Lemma layering_grow S lvl m x : path_layering S lvl m -> 4 <= m -> x \notin S ->
  (exists2 y, y \in S & E x y) ->
  (exists lvl' m', 4 <= m' /\ path_layering (x |: S) lvl' m') \/ closes S lvl m x.
Proof.
move=> L m4 xS /(attach_uniform L m4 xS) [c shape xE]; have le := layer_le L.
case: shape => [[t tm cE] | cE | cE | cE].
- left; exists (fun z => if z == x then t else id (lvl z)), m; split => //.
  apply: (layering_add (f := id) L xS) => // [i im | y yS]; first by right; exists i.
  by rewrite xE // -cE ?le.
- left; exists (fun z => if z == x then 0 else (lvl z).+1), m.+1; split; first lia_levels.
  apply: (layering_add (f := succn) L xS) => // [i im | y yS].
    by case: i im => [|i] im; [left | right; exists i].
  by rewrite xE // cE ?le //= /level_adj; lia_levels.
- left; exists (fun z => if z == x then m.+1 else id (lvl z)), m.+1; split; first lia_levels.
  apply: (layering_add (f := id) L xS) => // [i im | i im | y yS]; first lia_levels.
    by case: (eqVneq i m.+1) => [-> | im']; [left | right; exists i => //; lia_levels].
  by rewrite xE // cE ?le //= /level_adj; have := le y yS; lia_levels.
- by right; apply/forall_inP => y yS; rewrite xE // cE ?le.
Qed.
(* Let $Y=\{(x,y)\in\mathbb{R}^2:(x/a)^2+y^2=1\}$ with $1<a\le\sqrt2$, and let $p\in Y$. The only local extrema of $d_p:Y\to\mathbb{R}$, $d_p(q)=d(p,q)$, are a global minimum at $p$ and a global maximum at $h^{-1}(p)$. Consequently, every nonempty intersection of $Y$ with a Euclidean ball centered at a point of $Y$ is either contractible or all of $Y$.
   Context: $d$ is the Euclidean metric on $\mathbb{R}^2$. $h:Y\to Y$ sends $p$ to the unique point of the intersection of the normal line to $Y$ at $p$ with $Y\setminus\{p\}$; for $1<a\le\sqrt2$ this map is a bijection, and $h^{-1}$ denotes its inverse. *)

From Stdlib Require Import Reals Lra.
Open Scope R_scope.

Definition point : Type := (R * R)%type.

Definition edist (p q : point) : R :=
  sqrt ((fst p - fst q) ^ 2 + (snd p - snd q) ^ 2).

Definition onY (a : R) (p : point) : Prop :=
  (fst p / a) ^ 2 + (snd p) ^ 2 = 1.

(* The normal line to Y at p = (x,y) is p + t * grad, grad = (x/a^2, y)
   (gradient of (x/a)^2 + y^2). *)
Definition on_normal (a : R) (p q : point) : Prop :=
  exists t : R, fst q = fst p + t * (fst p / a ^ 2) /\
                snd q = snd p + t * snd p.

(* h_rel a p q  <->  q = h(p): q is a point of Y \ {p} on the normal line
   to Y at p (by the context this point is unique). Hence h_rel a q p
   means q = h^{-1}(p). *)
Definition h_rel (a : R) (p q : point) : Prop :=
  onY a p /\ onY a q /\ q <> p /\ on_normal a p q.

| What the exercise asks |
Every line of the data above that includes "first" should be listed.

| Exercise solution |
  apply: (layering_add (f := id) L xS) => // [i im | y yS]; first by right; exists i.
- left; exists (fun z => if z == x then 0 else (lvl z).+1), m.+1; split; first lia_levels.
- left; exists (fun z => if z == x then m.+1 else id (lvl z)), m.+1; split; first lia_levels.
  apply: (layering_add (f := id) L xS) => // [i im | i im | y yS]; first lia_levels.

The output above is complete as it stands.